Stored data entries
Lemma gauss_tail_powerRZ k x :
  x <> 0 -> gauss_tail k x = powerRZ x (2 * Z.of_nat k - 1) * exp (- x ^ 2).
Proof.
  intros Hx. unfold gauss_tail.
  replace (2 * Z.of_nat k - 1)%Z with (Z.of_nat (2 * k) + (-1))%Z by lia.
  rewrite powerRZ_add, <- pow_powerRZ by exact Hx. simpl (powerRZ x (-1)).
  field. exact Hx.
Qed.

Lemma RInt_le_of_deriv (f F F' : R -> R) (l r : R) :
  l <= r -> ex_RInt f l r ->
  (forall x, l <= x <= r -> is_derive F x (F' x) /\ continuous F' x /\ f x <= F' x) ->
  RInt f l r <= F r - F l.
Proof.
  intros Hlr Hf HF.
  assert (HI : is_RInt F' l r (minus (F r) (F l))).
  { apply (is_RInt_derive (V := R_CompleteNormedModule));
      rewrite Rmin_left, Rmax_right by exact Hlr; intros x Hx; apply HF, Hx. }
  replace (F r - F l) with (RInt F' l r) by exact (is_RInt_unique _ _ _ _ HI).
  apply RInt_le; [exact Hlr | exact Hf | eexists; exact HI |].
  intros x Hx. apply HF; lra.
Qed.

Lemma RInt_subinterval_le (f : R -> R) (u v w z : R) :
  (forall x, continuous f x) -> (forall x, 0 <= f x) ->
  u <= v -> v <= w -> w <= z -> RInt f v w <= RInt f u z.
Proof.
  intros Hc Hpos Huv Hvw Hwz.
  assert (Hint : forall p q, ex_RInt f p q)
    by (intros; apply (ex_RInt_continuous (V := R_CompleteNormedModule)); auto).
  assert (Hnn : forall p q, p <= q -> 0 <= RInt f p q)
    by (intros p q Hpq; apply RInt_ge_0; auto).
  rewrite <- (RInt_Chasles f u v z), <- (RInt_Chasles f v w z) by apply Hint.
  pose proof (Hnn u v Huv). pose proof (Hnn w z Hwz).
  unfold plus; simpl; lra.
Qed.
(* Assume $|\mathcal S|\ge2$ and let $\epsilon,\delta,\tau>0$. Consider the following procedure (Tau-Push, DPPR part): set $r_{max}=\frac{\epsilon\delta}{m\tau}$; for each $\mathcal V_i\in\mathcal S$ run GFP$(G,\mathcal S,\mathcal V_i,r_{max})$ and record its outputs $\hat\pi_d(\mathcal V_i,\mathcal V_j)$ for all $\mathcal V_j\in\mathcal S$; then for each $\mathcal V_j\in\mathcal S$ with $\tau_j>\tau$, run GBP$(G,\mathcal S,\mathcal V_j,r^b_{max}(\mathcal V_j))$ with $r^b_{max}(\mathcal V_j)=\epsilon\delta\big/\max_{\mathcal V_i\in\mathcal S\setminus\{\mathcal V_j\}}\frac{1}{|F(\mathcal V_i)|}\sum_{v_s\in F(\mathcal V_i)}d(v_s)$, and replace the recorded $\hat\pi_d(\mathcal V_i,\mathcal V_j)$ by the GBP output for every $\mathcal V_i\in\mathcal S$. Then the procedure terminates and, for all $\mathcal V_i,\mathcal V_j\in\mathcal S$ with $\mathcal V_i\ne\mathcal V_j$, the final value $\hat\pi_d(\mathcal V_i,\mathcal V_j)$ is an $(\epsilon,\delta)$-approximation of $\pi_d(\mathcal V_i,\mathcal V_j)$.
   Context: $G=(V,E)$ is a directed graph with $n$ nodes and $m$ edges, no self-loops, and every node of out-degree $d(v)\ge1$; $\alpha\in(0,1)$. PPR $\pi(u,v)$: probability that a random walk from $u$ which at each step stops with probability $\alpha$ and otherwise moves to a uniformly random out-neighbor stops at $v$; $\pi_d(u,v)=d(u)\pi(u,v)$. A collection $\mathcal S=\{\mathcal V_1,\dots,\mathcal V_k\}$ of supernodes is given, each $\mathcal V_i$ having a nonempty leaf set $F(\mathcal V_i)\subseteq V$, the leaf sets being pairwise disjoint. For supernodes, $\pi_d(\mathcal V_i,\mathcal V_j)=\frac{1}{|F(\mathcal V_i)||F(\mathcal V_j)|}\sum_{v_s\in F(\mathcal V_i),v_t\in F(\mathcal V_j)}\pi_d(v_s,v_t)$. The degree-normalized PageRank of $\mathcal V_j$ is $\tau_j=\frac{1}{m|F(\mathcal V_j)|}\sum_{v_t\in F(\mathcal V_j)}\sum_{v_k\in V}\pi_d(v_k,v_t)$. A value $\hat x$ is an $(\epsilon,\delta)$-approximation of $x\ge0$ if $|\hat x-x|\le\epsilon\delta$ when $x<\delta$, and $|\hat x-x|\le\epsilon x$ when $x\ge\delta$. Procedure GFP$(G,\mathcal S,\mathcal V_i,r_{max})$: set $\hat\pi_d(\mathcal V_i,\mathcal V_j)=0$ for all $\mathcal V_j\in\mathcal S$; set $r(\mathcal V_i,v)=d(v)/|F(\mathcal V_i)|$ for $v\in F(\mathcal V_i)$ and $0$ otherwise. While some $v_k$ has $r(\mathcal V_i,v_k)>d(v_k)\,r_{max}$, pick any such $v_k$ and: if $v_k\in F(\mathcal V_j)$ for some $\mathcal V_j\in\mathcal S$, add $\alpha\,r(\mathcal V_i,v_k)/|F(\mathcal V_j)|$ to $\hat\pi_d(\mathcal V_i,\mathcal V_j)$; for each out-neighbor $v_j$ of $v_k$ add $(1-\alpha)\,r(\mathcal V_i,v_k)/d(v_k)$ to $r(\mathcal V_i,v_j)$; then set $r(\mathcal V_i,v_k)=0$. Output $\hat\pi_d(\mathcal V_i,\cdot)$. Procedure GBP$(G,\mathcal S,\mathcal V_j,r^b_{max})$: set $\hat\pi_d(\mathcal V_i,\mathcal V_j)=0$ for all $\mathcal V_i\in\mathcal S$; set $r(v,\mathcal V_j)=1/|F(\mathcal V_j)|$ for $v\in F(\mathcal V_j)$ and $0$ otherwise. While some $v_k$ has $r(v_k,\mathcal V_j)>r^b_{max}$, pick any such $v_k$ and: if $v_k\in F(\mathcal V_i)$ for some $\mathcal V_i\in\mathcal S$, add $\alpha\,d(v_k)\,r(v_k,\mathcal V_j)/|F(\mathcal V_i)|$ to $\hat\pi_d(\mathcal V_i,\mathcal V_j)$; for each in-neighbor $v_i$ of $v_k$ add $(1-\alpha)\,r(v_k,\mathcal V_j)/d(v_i)$ to $r(v_i,\mathcal V_j)$; then set $r(v_k,\mathcal V_j)=0$. Output $\hat\pi_d(\cdot,\mathcal V_j)$. *)

From HB Require Import structures.
From mathcomp Require Import all_boot all_order all_algebra.
From mathcomp Require Import all_classical all_reals all_analysis.
Set Implicit Arguments. Unset Strict Implicit. Unset Printing Implicit Defensive.
Import Order.TTheory GRing.Theory Num.Theory.
Local Open Scope ring_scope.
Definition U_rows : seq (seq Z) := [::
  [:: 1198877; -17751; -7061; 9378; 3997; 87383; -273200; 162038; -27666; 275395; 333998; 776109; 398426; 56674; 1227; 1116751; 456278; -1125624; 440569; 1071449; -172555; -89596; 1184011; 1160205; -1094989; 1084839; 1198037; 1151864; -1186092; 1186302; -1197644; 818633; 1175352; 310135; 1192660; -1191312; 866771; 1182592; -1045149; -1164626; -1159849; 1173412; -1191429; 431615; 1197798; -1186671; -1075551; 1119819];
  [:: 1201954; 2272; 953; -7056; 2861; -86343; -6947; 17691; 196073; -29497; -412752; -498148; 245843; -471607; 37878; 1001413; 1199520; -312792; 1013894; -1126291; -1192080; -1166691; 741023; 1147937; 1186172; -328405; -1201521; -1193198; 1042783; 1201895; 1175182; -1200909; 1200994; 1168068; -1173969; -1184349; -1201827; 1200271; 1201471; -1183754; 1143601; 1200247; -1170917; 1131841; 1168927; -1130384; 1185383];
  [:: 1198462; 4208; -16957; 46313; -60812; 32840; -16206; 122492; -30993; 555732; -401529; 386119; 270901; 257307; -567576; -1191949; -151874; -1082848; 1194197; 556511; -1004298; -1166300; -1191642; 257430; -1198206; -1180964; -1189797; 1160137; -586122; 25346; 985160; -871444; -1189905; -1182169; -1163026; 1186358; -889682; 1185875; -1195270; -1192528; -1186205; -1197286; 1184979; 1186906; 1178046; 1110878];
  [:: 1204612; -24884; 35916; -223546; -125888; -10238; -181022; 86482; 639585; 505484; 517390; -390307; 994295; -434012; 560006; 1203831; 1135558; 21825; 25062; -258215; -676014; 1192130; 1144185; -1185377; 1204526; -993170; 1051863; -1204519; 1178836; -1195691; -1194134; 1203803; -51254; 1202864; -1182655; -1104734; -1201955; 1167678; -1188750; 1203392; -1145140; -1203422; -253813; 1196918; -1172796];
  [:: 1206152; -21816; -24763; -126569; -19864; -148282; -147808; -237251; 147033; -412607; 23068; -109652; 316697; -466924; -111226; -1037956; 646742; 1188574; 481686; -93646; -723199; -1105474; 620580; 1205624; 1123795; -393187; 225801; 1198405; -394395; 1205961; -1170532; 1205458; 1205580; -1205825; -54142; -1015883; -1174718; 1203928; 1204061; -1194846; 1036826; 508222; 1199653; 1184911];
  [:: 1247495; -200734; 109628; -24494; 329783; 258689; 1147896; 47611; 717035; -8072; 1075813; -1176631; -1015406; 458161; -136240; 1170944; 1189533; 1095228; -1246446; 206289; 1002956; 1154563; -1247091; 1247390; -867983; 30975; -1199151; -1246425; -1170520; -1245590; 1232365; -1089160; -1247309; 1233646; 1232550; 774750; 1089323; 1142743; -1006109; -1247336; 1240827; 1247029; -1242748];
  [:: 1352565; 55327; 18416; 319557; -42758; -463904; -465981; 516842; 1129800; -633770; -935515; 1063327; -1305524; -1347883; 584236; -898219; -76812; -1347484; 1202497; -1350321; -1307309; -207171; -1352328; 74568; -222652; 858152; 1224557; 1344721; 1352458; 307444; 1334239; 1137128; 44551; -1338092; 1348224; -1313754; 1352066; -1344716; -1159248; -1344740; 1332017; 1293929];
  [:: 1261450; -3465; 215324; 232680; 97865; -514154; 314247; 172996; -348655; -244571; -1152227; -88286; 1077573; -752424; -1204487; 1251430; 1260520; 1261337; -1023467; -1006669; -1142442; 291800; -1132881; -1201605; -817473; 1139927; 1161624; -803334; -1209777; 1236020; -1261244; 1213802; -1244611; 1247673; 1261097; 1251994; -1258268; 1172195; 1112790; 1135137; -1153759];
  [:: 1219116; 48051; 64409; -291268; 267000; -665750; -641442; -290994; 1175957; 198799; 755985; 762768; -1108705; 152645; -407109; 696591; -134755; 420943; -95295; 52321; -1218994; -247708; -421590; -1216635; -80309; 1219072; -1218490; 1188671; -1179740; 1218965; 1219001; -1217556; 1216005; 627030; -1209123; -1215811; -1218045; -660130; 1216716; 1051334];
  [:: 1539875; 6958; -35928; -289002; 285313; -8267; 291441; -614181; 131583; -627246; -493428; 494388; 117024; 1539859; -44606; 360900; 1539496; 1539272; 1532088; -1539829; -515437; 215020; 1478881; 667969; -1516768; -367669; 1529203; 1321352; 1539505; -1533385; 733880; -1506284; 1539092; -1539523; -1503038; -1519550; -1536060; 1532018; -734642];
  [:: 1317227; 540467; -191543; 906119; 469149; 602864; -370532; 316407; -261291; 282932; 244073; -1298761; 655589; -316366; 1263812; 1281023; -517222; 1315353; 304098; 1186485; 1044112; -1130935; 925925; 1272838; -1125496; -269908; 967155; -1316821; -1024474; -1315644; -1314438; -716591; -1316503; -1316109; -1075487; 1270738; -1314698; 1293452];
  [:: 1776267; 362196; 180343; 182270; 439418; 288438; 376730; 675333; 143767; 755583; 591259; -1644487; -382207; -966992; 953943; 97242; 1709342; 1407218; 1749088; 333515; 403384; -1625830; -1259323; -1299871; 1772796; -1773427; 1770690; 1772853; -1774386; 1773512; 1719069; -1270818; 1775988; 1338860; -1761562; -1774724; 1769362];
  [:: 1671375; -570433; -420796; 91248; -628279; 113316; 773026; -608186; 564964; 1666791; 972987; -1027287; -1309221; 934643; 1470628; -1356670; -1670961; -279176; -954404; -1555923; 1671090; 1671174; -963772; -978708; -1670685; -1670884; -1668728; -1670254; 283460; -1573405; -22778; -1640543; 1483594; 1647741; -1593465; 1521819];
  [:: 1888116; 674935; 500512; -1631465; -309211; -701146; -1522200; 1429546; 305976; 1886717; -1806093; 1292169; -695482; -1333466; -1885028; -155482; -138753; 994521; -1887097; 1816192; 1485621; 673711; -1857614; -1887478; 1887626; -334991; 1850384; 1882615; 1640093; -1880274; -1814039; 1885796; -1761590; 1667768; 1815804];
  [:: 2092008; -365005; -1114853; -256471; -547084; -585512; 778719; -735004; 207954; -385520; 437073; -1907982; -2091641; 1642128; 1888423; -1259712; -141461; -2045348; 1204893; 2076119; 2072599; -2090352; 2052658; -2091677; 2080977; 2091447; -2076279; 2082787; -664701; 2090141; -2089015; 1651667; -939014; -2023775];
  [:: 1788747; -78221; 173525; 141835; -792418; 923305; 1723919; 337498; -421611; -460146; 237262; -1787514; 1787105; -1788508; 1778385; 768337; 1066638; 328838; -1765878; 490272; -903042; -1765343; -1788187; 1780193; 1787473; 1767457; 1688801; 1787396; -1762967; -1619684; -252675; -1762140; -1775466];
  [:: 2941346; 212677; -156369; 1880282; -1960277; -1760573; -2885244; 2365306; -829971; 1318973; -2940896; 2939834; -348974; 2936692; 54223; -2918284; 2156094; -940263; -2121690; 430884; -1499211; 1543171; -2931003; 2884056; -99656; -2460000; -2573835; -2899799; -2484767; 2929012; 2856133; -2935485];
  [:: 3658285; -289380; 461214; -175787; -890559; -1506715; 188416; 1454352; 1074576; -3656304; 1605387; 3657575; 1301680; 3179193; -3401897; -429337; 3650624; 2861419; 243971; 1720159; -3612649; -3645037; 3461200; -707410; 3503949; -2752165; 1035728; 3622796; 3653242; 3614844; -3623044];
  [:: 1977588; 1929800; -983557; 285293; 27149; -32219; 1933477; -1077884; -1977280; 1977253; 534853; -1873933; -1882469; -1975619; -1934139; -1968713; -1976110; 581876; -1960841; 1976545; 356934; 1569566; -1968481; 1971847; -1470713; -1974767; 1971306; 1888283; -860182; 1930121];
  [:: 4081365; -2255561; -2671366; -1694175; 1460671; 2398644; -1926197; -3644039; -1267250; -1822927; -1069325; -3848139; -3042507; 903479; 3967073; 2509359; -1653391; -2549749; 4059685; -1286766; -2639174; 4075067; -4016772; -4073696; -2556417; -4077893; -3941470; -3706830; 4035595];
  [:: 1937109; 379445; 608109; 185802; -403807; 335924; -267196; -1936770; 1399969; 569171; 669987; -1936689; 1688262; -1936912; 1811864; -1230131; 1933975; 1936677; 1848407; -1936630; -176703; 958661; 1936908; -600792; -1929444; 1358035; -1914703; 1907891];
  [:: 2583852; 1523987; -530111; 520203; -2452402; -2559343; -1673978; -531924; 12396; -2554731; -1618545; 841429; -1419405; 1980818; 696264; 2583001; 777567; -1197620; 2583412; -2329344; -2582347; 2358954; 2580796; -2501954; -1889330; 2091984; 2557504];
  [:: 5186925; 859553; 987643; 1443964; 28811; 412596; 5186023; -2946700; 4615980; -4997436; -1100195; 2594871; -1310707; 4332012; 5174927; -5177867; -2201194; 214098; 1216824; 2148797; 2078977; -4318076; -4892662; 1996975; -4946713; -5183675];
  [:: 2593519; -496507; 548626; 2591835; 55627; 2593413; -640735; 2591660; 2593286; -1924135; -2579219; 2592192; -2579097; -1838310; 2409769; 1053470; 2591521; 2590796; -2587633; -2380900; -2591566; -2580025; -1524202; 2568846; 2526128];
  [:: 2880394; -1648745; -1888220; -387783; -2880333; 689288; -213294; 2666548; -617107; -2873787; -323299; -396866; -2394158; -2879842; 1369586; -2880124; -2830251; -2820709; -2874263; 2772498; 2875236; -2880098; -2819450; -2766276];
  [:: 4632538; 4145956; 1648967; -4629137; 840572; 1672434; 2034640; 1366917; -2061777; -4597989; -559023; -4403123; -1732373; -698241; 4629488; 2173510; 3498639; 4611284; 4611166; -256668; -4222261; -3769428; 4616544];
  [:: 9550326; 1154038; -1525392; -2238054; 1131049; 8613775; -4118073; -4427494; 1107026; -3180600; -7023463; -7628485; 4961021; 3927746; -6847327; -6637416; -8678843; -2975698; -6250920; 9270021; -6382295; -9525158];
  [:: 9331756; 1556188; -1770936; -801790; -784905; -122125; -1464519; -8387565; 3975229; 391394; -6885738; -6549025; 3745784; 9324446; -9289195; 3782087; -6119165; -8964271; -6009366; -8936832; 9213313];
  [:: 13819919; -5823379; 7513891; -4415361; -7133988; 5429369; -5161328; 1820974; -1230988; 6880168; -5859632; -1775761; 10974034; -5415508; -5898245; -7380950; 13702773; -12842984; -13252772; 13770539];
  [:: 4074718; -963618; -1318868; 2326187; -1926413; 3826197; 1477865; 2327087; -4041491; 4063031; 4070326; 4073512; 2389139; -4071283; -2402105; -1783746; -2831529; -3853128; 3975342];
  [:: 5773939; 2892965; -3074621; 24693; -5766855; -495176; -5057131; 5772001; -5735283; -3075854; 5761522; -357612; -5768335; 5751281; -5771064; -3182590; 5768270; 5624465];
  [:: 8172020; -4750130; -1473162; 3780740; 1067663; 8164877; -932288; -2924402; -7251489; 7447326; 6962893; -4737165; -8170947; -3851874; 8153369; -8032110; 8101617];
  [:: 4030337; 1904083; 1336373; -4025078; 4029950; 4029548; 4020249; 1183855; 3400044; -4007530; -4015679; 3530549; 3802569; 4025511; -3050186; 3845904];
  [:: 12285029; -1295944; 2146517; 450896; 6370724; 8701889; -3035628; -12211921; -5259751; -4055786; 7709683; -12280112; -12045891; -3100933; -12224891];
  [:: 11775741; -3174474; 7695341; -11532036; -11769823; -7897723; -9297614; -7011115; -3815449; -10547864; 9952118; -11698065; 2573104; 11741116];
  [:: 8461246; 2524358; -2578466; 8127335; 1265113; -8449220; -8454893; -8400021; -3384265; 8455723; 8418415; 8362536; 8232177];
  [:: 13255089; -10127539; -2638330; -13019499; 13134414; 3524184; -13248545; 13013635; 626660; -13238018; 8960407; -13172894];
  [:: 27520512; -2150789; -8135226; 6929002; 3272116; 27306906; 20601758; 26005645; -10745525; -18167246; -27450556];
  [:: 30920412; 10964307; 26968101; 28022410; -17871794; 1026587; 29615287; -30631827; 29318737; 30825218];
  [:: 22631005; -17746995; 22535111; -22026157; 6856620; -21992; -22616733; -22497115; -22557446];
  [:: 70606705; 26881781; 12107634; -2300485; -9390382; -3685225; 5832230; -70600271];
  [:: 49259758; -29758589; 6945501; -29911043; 49141978; 35140949; 49176000];
  [:: 76367256; 26371280; 74300687; -24976681; 74616587; 76237272];
  [:: 43582424; 43207702; 43567870; -39966312; 43134431];
  [:: 138728847; -136641639; 38765358; -138589010];
  [:: 196228091; -124075248; -196131840];
  [:: 201554414; -201434375];
  [:: 1000000000]].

> [EXERCISE BRIEF] In the data above, retype exactly and only the lines between the one holding "RInt f l r <= F r - F l." and the one holding "rewrite Rmin_left, Rmax_right", inclusive.

> [ANSWER TO THE EXERCISE]
  RInt f l r <= F r - F l.
Proof.
  intros Hlr Hf HF.
  assert (HI : is_RInt F' l r (minus (F r) (F l))).
  { apply (is_RInt_derive (V := R_CompleteNormedModule));
      rewrite Rmin_left, Rmax_right by exact Hlr; intros x Hx; apply HF, Hx. }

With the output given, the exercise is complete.